The individual is focused on what’s best for you as a professional and does so in a collaborative way. Advocates are only found in corporate environments. These are people who admire your work and ability. Because they appreciate your work, they help you thrive. Advocates tend to lobby for promotions and pay raises on your behalf. They help you negotiate big career moves. However, all of this help is provided when thinking about you as a professional, not as a person—meaning they’re optimizing for your career success rather than your personal success. That doesn’t mean they don’t care about you. It means they are more concerned about your professional success than whatever side effects that success could have on your personal life. Regardless, advocates are critically important. There are several jobs I would have never had if it were not for advocates speaking up on my behalf. A great advocate can help you hop to the next level of your career at lightning speed. Be mindful that their help and advice do not consider every aspect of your life.

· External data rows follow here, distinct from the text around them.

(* Assume $\mathbf A$ has full column rank, $\mathrm{var}(\tilde{\mathbf x})>0$, $\mathrm{var}(\tilde{\mathbf y})>0$, and $\boldsymbol\Pi_{\mathbf A}^\perp\dot{\mathbf a}_{\mathrm u}(\tilde{\mathbf q},\mathbf r_k)\neq\mathbf 0$, $\boldsymbol\Pi_{\mathbf A}^\perp\dot{\mathbf a}_{\mathrm v}(\tilde{\mathbf q},\mathbf r_k)\neq\mathbf 0$. Then for each $k$, $$\omega_{\mathrm u,k}\le\frac{4\pi^2N}{\lambda^2}\Big(\mathrm{var}(\tilde{\mathbf x})-\frac{\mathrm{cov}(\tilde{\mathbf x},\tilde{\mathbf y})^2}{\mathrm{var}(\tilde{\mathbf y})}\Big),\qquad \omega_{\mathrm v,k}\le\frac{4\pi^2N}{\lambda^2}\Big(\mathrm{var}(\tilde{\mathbf y})-\frac{\mathrm{cov}(\tilde{\mathbf x},\tilde{\mathbf y})^2}{\mathrm{var}(\tilde{\mathbf x})}\Big),$$ with equality in the first inequality if and only if $\mathbf A^{\mathsf H}\boldsymbol\Pi_k^\perp\big(\dot{\mathbf a}_{\mathrm u}(\tilde{\mathbf q},\mathbf r_k)-\zeta^*_{\mathrm u,k}\dot{\mathbf a}_{\mathrm v}(\tilde{\mathbf q},\mathbf r_k)\big)=\mathbf 0_{K\times1}$, and equality in the second if and only if $\mathbf A^{\mathsf H}\boldsymbol\Pi_k^\perp\big(\dot{\mathbf a}_{\mathrm v}(\tilde{\mathbf q},\mathbf r_k)-\zeta^*_{\mathrm v,k}\dot{\mathbf a}_{\mathrm u}(\tilde{\mathbf q},\mathbf r_k)\big)=\mathbf 0_{K\times1}$.
   Context: Fix $N>K\ge1$, $\lambda>0$. Antenna positions $\mathbf q_n=[x_n,y_n]^{\mathsf T}\in\mathbb R^2$ ($n=1,\dots,N$), $\tilde{\mathbf x}=[x_1,\dots,x_N]^{\mathsf T}$, $\tilde{\mathbf y}=[y_1,\dots,y_N]^{\mathsf T}$; target coordinates $\mathbf r_k=[u_k,v_k]^{\mathsf T}\in\mathbb R^2$, $k=1,\dots,K$. Steering vector $\mathbf a(\tilde{\mathbf q},\mathbf r)\in\mathbb C^N$ with $n$-th entry $e^{\mathrm j\frac{2\pi}{\lambda}\mathbf q_n^{\mathsf T}\mathbf r}$; $\mathbf A=[\mathbf a(\tilde{\mathbf q},\mathbf r_1),\dots,\mathbf a(\tilde{\mathbf q},\mathbf r_K)]$. $\dot{\mathbf a}_{\mathrm u}(\tilde{\mathbf q},\mathbf r_k)$ has $n$-th entry $\mathrm j\frac{2\pi}{\lambda}x_ne^{\mathrm j\frac{2\pi}{\lambda}\mathbf q_n^{\mathsf T}\mathbf r_k}$ and $\dot{\mathbf a}_{\mathrm v}(\tilde{\mathbf q},\mathbf r_k)$ has $n$-th entry $\mathrm j\frac{2\pi}{\lambda}y_ne^{\mathrm j\frac{2\pi}{\lambda}\mathbf q_n^{\mathsf T}\mathbf r_k}$. $\boldsymbol\Pi_{\mathbf A}^\perp=\mathbf I_N-\mathbf A(\mathbf A^{\mathsf H}\mathbf A)^{-1}\mathbf A^{\mathsf H}$ and $\boldsymbol\Pi_k^\perp=\mathbf I_N-\mathbf a(\tilde{\mathbf q},\mathbf r_k)\mathbf a(\tilde{\mathbf q},\mathbf r_k)^{\mathsf H}/\|\mathbf a(\tilde{\mathbf q},\mathbf r_k)\|_2^2$. Effective sensitivity powers: $\omega_{\mathrm u,k}=\min_{\zeta\in\mathbb R}\|\boldsymbol\Pi_{\mathbf A}^\perp(\dot{\mathbf a}_{\mathrm u}(\tilde{\mathbf q},\mathbf r_k)-\zeta\dot{\mathbf a}_{\mathrm v}(\tilde{\mathbf q},\mathbf r_k))\|_2^2=\|\boldsymbol\Pi_{\mathbf A}^\perp\dot{\mathbf a}_{\mathrm u}\|_2^2-\frac{\Re\{\dot{\mathbf a}_{\mathrm u}^{\mathsf H}\boldsymbol\Pi_{\mathbf A}^\perp\dot{\mathbf a}_{\mathrm v}\}^2}{\|\boldsymbol\Pi_{\mathbf A}^\perp\dot{\mathbf a}_{\mathrm v}\|_2^2}$ and $\omega_{\mathrm v,k}=\min_{\zeta\in\mathbb R}\|\boldsymbol\Pi_{\mathbf A}^\perp(\dot{\mathbf a}_{\mathrm v}-\zeta\dot{\mathbf a}_{\mathrm u})\|_2^2=\|\boldsymbol\Pi_{\mathbf A}^\perp\dot{\mathbf a}_{\mathrm v}\|_2^2-\frac{\Re\{\dot{\mathbf a}_{\mathrm u}^{\mathsf H}\boldsymbol\Pi_{\mathbf A}^\perp\dot{\mathbf a}_{\mathrm v}\}^2}{\|\boldsymbol\Pi_{\mathbf A}^\perp\dot{\mathbf a}_{\mathrm u}\|_2^2}$ (all vectors evaluated at $(\tilde{\mathbf q},\mathbf r_k)$). Further $\zeta^*_{\mathrm u,k}=\frac{\Re\{\dot{\mathbf a}_{\mathrm u}^{\mathsf H}\boldsymbol\Pi_k^\perp\dot{\mathbf a}_{\mathrm v}\}}{\|\boldsymbol\Pi_k^\perp\dot{\mathbf a}_{\mathrm v}\|_2^2}$ and $\zeta^*_{\mathrm v,k}=\frac{\Re\{\dot{\mathbf a}_{\mathrm u}^{\mathsf H}\boldsymbol\Pi_k^\perp\dot{\mathbf a}_{\mathrm v}\}}{\|\boldsymbol\Pi_k^\perp\dot{\mathbf a}_{\mathrm u}\|_2^2}$. $\mu(\tilde{\mathbf x})=\frac1N\sum_nx_n$, $\mathrm{var}(\tilde{\mathbf x})=\frac1N\sum_n(x_n-\mu(\tilde{\mathbf x}))^2$ (same for $\tilde{\mathbf y}$), $\mathrm{cov}(\tilde{\mathbf x},\tilde{\mathbf y})=\frac1N\sum_n(x_n-\mu(\tilde{\mathbf x}))(y_n-\mu(\tilde{\mathbf y}))$. *)

From HB Require Import structures.
From mathcomp Require Import all_boot all_order all_algebra.
From mathcomp Require Import all_classical all_reals.
From mathcomp Require Import trigo.
From mathcomp Require Import complex.
Set Implicit Arguments. Unset Strict Implicit. Unset Printing Implicit Defensive.
Import Order.TTheory GRing.Theory Num.Theory.
Local Open Scope ring_scope.

Section Defs.
Variable R : realType.
Local Notation C := R[i].

Definition expj (t : R) : C := Complex (cos t) (sin t).
Definition jC : C := Complex 0 1.
Definition cR (x : R) : C := Complex x 0.

Definition hermT m n (M : 'M[C]_(m, n)) : 'M[C]_(n, m) :=
  \matrix_(i, j) conjc (M j i).

Definition norm2 n (v : 'cV[C]_n) : R := \sum_i (complex.Re (v i 0) ^+ 2 + complex.Im (v i 0) ^+ 2).

Definition reip n (v w : 'cV[C]_n) : R := complex.Re ((hermT v *m w) 0 0).

Variables (N K : nat) (lambda : R).
Variables (x y : 'I_N -> R).   (* antenna coordinates x_n, y_n *)

(* steering vector a(q, r), r = [u; v] *)
Definition steer (u v : R) : 'cV[C]_N :=
  \col_n expj (2 * pi / lambda * (x n * u + y n * v)).
Definition steer_du (u v : R) : 'cV[C]_N :=
  \col_n (jC * cR (2 * pi / lambda * x n) * expj (2 * pi / lambda * (x n * u + y n * v))).
Definition steer_dv (u v : R) : 'cV[C]_N :=
  \col_n (jC * cR (2 * pi / lambda * y n) * expj (2 * pi / lambda * (x n * u + y n * v))).

Variables (tu tv : 'I_K -> R).  (* target coordinates u_k, v_k *)

Definition steerA : 'M[C]_(N, K) := \matrix_(n, k) steer (tu k) (tv k) n 0.

Definition PiAperp : 'M[C]_N :=
  1%:M - steerA *m invmx (hermT steerA *m steerA) *m hermT steerA.

Definition Pikperp (k : 'I_K) : 'M[C]_N :=
  let a := steer (tu k) (tv k) in
  1%:M - (cR (norm2 a))^-1 *: (a *m hermT a).

Definition au (k : 'I_K) := steer_du (tu k) (tv k).
Definition av (k : 'I_K) := steer_dv (tu k) (tv k).

Definition omega_u (k : 'I_K) : R :=
  norm2 (PiAperp *m au k)
  - (reip (au k) (PiAperp *m av k)) ^+ 2 / norm2 (PiAperp *m av k).
Definition omega_v (k : 'I_K) : R :=
  norm2 (PiAperp *m av k)
  - (reip (au k) (PiAperp *m av k)) ^+ 2 / norm2 (PiAperp *m au k).

Definition zeta_u (k : 'I_K) : R :=
  reip (au k) (Pikperp k *m av k) / norm2 (Pikperp k *m av k).
Definition zeta_v (k : 'I_K) : R :=
  reip (au k) (Pikperp k *m av k) / norm2 (Pikperp k *m au k).

End Defs.

Definition mean (R : realType) N (x : 'I_N -> R) : R := (\sum_n x n) / N%:R.
Definition cov (R : realType) N (x y : 'I_N -> R) : R :=
  (\sum_n (x n - mean x) * (y n - mean y)) / N%:R.
Definition var (R : realType) N (x : 'I_N -> R) : R := cov x x.

From HB Require Import structures.
From mathcomp Require Import all_boot all_order all_algebra.
From mathcomp Require Import all_classical all_reals.
From mathcomp Require Import trigo.
From mathcomp Require Import complex.
From mathcomp Require Import ring lra.
Set Implicit Arguments. Unset Strict Implicit. Unset Printing Implicit Defensive.
Import Order.TTheory GRing.Theory Num.Theory.
Local Open Scope ring_scope.

(** Let [q := Pi_k^perp (a_u - zeta a_v)] with [zeta := cov(x,y) / var(y)], the
    least-squares coefficient.  Since [Pi_k^perp] removes the mean of the
    antenna coordinates, [q] is the steering derivative along the centred
    regression residual of [x] on [y]: hence [||q||^2] is exactly the claimed
    bound and [q] is orthogonal to [a_v].  As [Pi_A^perp Pi_k^perp = Pi_A^perp],
    [omega_u = min_zeta ||Pi_A^perp (a_u - zeta a_v)||^2 <= ||Pi_A^perp q||^2
    <= ||q||^2], and both steps are equalities iff [Pi_A^perp q = q], i.e.
    [A^H q = 0]: then the orthogonality of [q] and [a_v] makes [zeta] the
    minimiser for [Pi_A^perp] as well. *)

Section ComplexInnerProduct.
Variable R : realType.
Local Notation C := R[i].

Lemma cR_real_complex (t : R) : cR t = real_complex R t.
Proof. by []. Qed.

Lemma Re_cR_mul (t : R) (z : C) : complex.Re (cR t * z) = t * complex.Re z.
Proof. by case: z => a b /=; ring. Qed.

Lemma hermT_mul m n p (A : 'M[C]_(m, n)) (B : 'M[C]_(n, p)) :
  hermT (A *m B) = hermT B *m hermT A.
Proof.
apply/matrixP => i j; rewrite !mxE rmorph_sum; apply: eq_bigr => l _.
by rewrite !mxE rmorphM mulrC.
Qed.

Lemma hermTK m n (A : 'M[C]_(m, n)) : hermT (hermT A) = A.
Proof. by apply/matrixP => i j; rewrite !mxE conjcK. Qed.

Lemma hermTB m n (A B : 'M[C]_(m, n)) : hermT (A - B) = hermT A - hermT B.
Proof. by apply/matrixP => i j; rewrite !mxE rmorphB. Qed.

Lemma hermT1 n : hermT (1%:M : 'M[C]_n) = 1%:M.
Proof. by apply/matrixP => i j; rewrite !mxE conjc_nat eq_sym. Qed.

Lemma hermT0 m n : hermT (0 : 'M[C]_(m, n)) = 0.
Proof. by apply/matrixP => i j; rewrite !mxE conjc0. Qed.

Lemma reip_sum n (v w : 'cV[C]_n) :
  reip v w = \sum_i complex.Re (conjc (v i 0) * w i 0).
Proof. by rewrite /reip mxE raddf_sum; apply: eq_bigr => i _; rewrite mxE. Qed.

Lemma reipC n (v w : 'cV[C]_n) : reip v w = reip w v.
Proof.
rewrite !reip_sum; apply: eq_bigr => i _.
by case: (v i 0) => a b; case: (w i 0) => c d /=; ring.
Qed.

Lemma reipDr n (u v w : 'cV[C]_n) : reip u (v + w) = reip u v + reip u w.
Proof. by rewrite /reip mulmxDr mxE raddfD. Qed.

Lemma reipNr n (u v : 'cV[C]_n) : reip u (- v) = - reip u v.
Proof. by rewrite /reip mulmxN mxE raddfN. Qed.

Lemma reipBr n (u v w : 'cV[C]_n) : reip u (v - w) = reip u v - reip u w.
Proof. by rewrite reipDr reipNr. Qed.

Lemma reipZr n (t : R) (u v : 'cV[C]_n) : reip u (cR t *: v) = t * reip u v.
Proof. by rewrite /reip -scalemxAr mxE Re_cR_mul. Qed.

Lemma reipBl n (u v w : 'cV[C]_n) : reip (v - w) u = reip v u - reip w u.
Proof. by rewrite reipC reipBr !(reipC u). Qed.

Lemma reipZl n (t : R) (u v : 'cV[C]_n) : reip (cR t *: v) u = t * reip v u.
Proof. by rewrite reipC reipZr reipC. Qed.

Lemma reip_hermT n (M : 'M[C]_n) (v w : 'cV[C]_n) :
  reip v (M *m w) = reip (hermT M *m v) w.
Proof. by rewrite /reip hermT_mul hermTK mulmxA. Qed.

Lemma norm2E n (v : 'cV[C]_n) : norm2 v = reip v v.
Proof.
rewrite reip_sum; apply: eq_bigr => i _.
by case: (v i 0) => a b /=; ring.
Qed.

Lemma norm2_ge0 n (v : 'cV[C]_n) : 0 <= norm2 v.
Proof. by apply: sumr_ge0 => i _; rewrite addr_ge0 ?sqr_ge0. Qed.

Lemma norm2_eq0 n (v : 'cV[C]_n) : (norm2 v == 0) = (v == 0).
Proof.
apply/eqP/eqP => [|->]; last by rewrite /norm2 big1 // => i _; rewrite mxE expr0n add0r.
move/eqP; rewrite psumr_eq0 => [/allP v0|i _]; last by rewrite addr_ge0 ?sqr_ge0.
apply/matrixP => i j; rewrite ord1 mxE.
move: (v0 i (mem_index_enum _)); rewrite implyTb paddr_eq0 ?sqr_ge0 // !sqrf_eq0.
by case: (v i 0) => a b /andP[/= /eqP-> /eqP->].
Qed.

Lemma norm2_gt0 n (v : 'cV[C]_n) : (0 < norm2 v) = (v != 0).
Proof. by rewrite lt_def norm2_eq0 norm2_ge0 andbT. Qed.

Lemma norm2B n (v w : 'cV[C]_n) :
  norm2 (v - w) = norm2 v - 2 * reip v w + norm2 w.
Proof. by rewrite !norm2E reipBl !reipBr (reipC w v); ring. Qed.

Lemma norm2Z n (t : R) (v : 'cV[C]_n) : norm2 (cR t *: v) = t ^+ 2 * norm2 v.
Proof. by rewrite !norm2E reipZl reipZr; ring. Qed.

End ComplexInnerProduct.

(* The minimum over [z] of [||P (d1 - z d2)||^2], cf. [eff_sensitivity_residual];
   [omega_u k] is [eff_sensitivity PiAperp (au k) (av k)] by definition. *)
Definition eff_sensitivity (R : realType) n (P : 'M[R[i]]_n) (d1 d2 : 'cV[R[i]]_n) : R :=
  norm2 (P *m d1) - reip d1 (P *m d2) ^+ 2 / norm2 (P *m d2).

Section OrthogonalProjector.
Variables (R : realType) (n : nat) (P : 'M[R[i]]_n).
Hypotheses (P_herm : hermT P = P) (P_idem : P *m P = P).

Lemma reip_proj (v w : 'cV[R[i]]_n) : reip v (P *m w) = reip (P *m v) w.
Proof. by rewrite reip_hermT P_herm. Qed.

Lemma reip_proj_proj (v w : 'cV[R[i]]_n) : reip (P *m v) (P *m w) = reip v (P *m w).
Proof. by rewrite -reip_proj mulmxA P_idem. Qed.

Lemma norm2_pythagoras (q : 'cV[R[i]]_n) :
  norm2 q = norm2 (P *m q) + norm2 (q - P *m q).
Proof. by rewrite norm2B -reip_proj_proj -norm2E; ring. Qed.

Lemma eff_sensitivity_residual (d1 d2 : 'cV[R[i]]_n) (z : R) : P *m d2 != 0 ->
  norm2 (P *m (d1 - cR z *: d2)) = eff_sensitivity P d1 d2
    + reip (d1 - cR z *: d2) (P *m d2) ^+ 2 / norm2 (P *m d2).
Proof.
rewrite -norm2_gt0 => /lt0r_neq0 d2_neq0.
rewrite /eff_sensitivity mulmxBr -scalemxAr norm2B norm2Z reipZr reipBl reipZl.
rewrite reip_proj_proj -[reip d2 _]reip_proj_proj -norm2E.
by field.
Qed.

Lemma eff_sensitivity_le (d1 d2 q : 'cV[R[i]]_n) (z : R) :
  P *m q = P *m (d1 - cR z *: d2) -> P *m d2 != 0 -> reip q d2 = 0 ->
  eff_sensitivity P d1 d2 <= norm2 q /\
  (eff_sensitivity P d1 d2 = norm2 q <-> P *m q = q).
Proof.
move=> Pq Pd2 q_orth.
have res := eff_sensitivity_residual d1 z Pd2.
rewrite -Pq reip_proj -Pq in res.
have pyth := norm2_pythagoras q.
have perp_ge0 := norm2_ge0 (q - P *m q).
have coef_ge0 : 0 <= reip (P *m q) d2 ^+ 2 / norm2 (P *m d2).
  by rewrite divr_ge0 ?sqr_ge0 ?norm2_ge0.
split; first lra.
split=> [eq_q | Pq_q].
- have /eqP : norm2 (q - P *m q) = 0 by lra.
  by rewrite norm2_eq0 subr_eq0 => /eqP <-.
- by move: res; rewrite Pq_q q_orth expr0n mul0r addr0.
Qed.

The individual is focused on what’s best for you as a professional and does so in a prescriptive way. Resources are sounding boards. You come to them with professional problems and roadblocks. They provide answers. It’s a transactional relationship. That said, it doesn’t mean that these relationships aren’t valuable. When you have resources in your life, they are typically experts who are busy but want to help. So, engaging with them at career inflection points allows them to provide meaningful input with maximum impact. When you engage a resource for professional help, these individuals usually share advice based on their own professional experience. They preach taking the path they chose given they know that path already leads to success (it did for them, after all). However, because this advice is prescriptive, it’s up to you to figure out how it fits into your life. Asking several resources for guidance requires analysis afterward. Once you learn about all of the potential solutions, it’s up to you to negotiate which path to choose. Here, a mentor would be helpful. A mentor would ask additional questions to help you begin whittling down the list until you get to the best option.
The grid ignores that your mentors can change over time. A mentor you had in high school may not be the mentor you have in college or beyond. As you grow, so do your mentors.
The grid ignores how to actually find a mentor. For me, my mentors are usually previous managers who meet two criteria: I loved their management style and I’m encouraged to stay in touch with them after being on their team. Over time, as we continue to stay in touch, these ex-managers become mentors.
While mentors may have all the answers, they protect the answer as something that the person they are advising (you!) needs to figure out for him or herself. Mentors provide guidance, frameworks, and questions that narrow optionality. With increased focus, you can expect outsized professional and personal returns.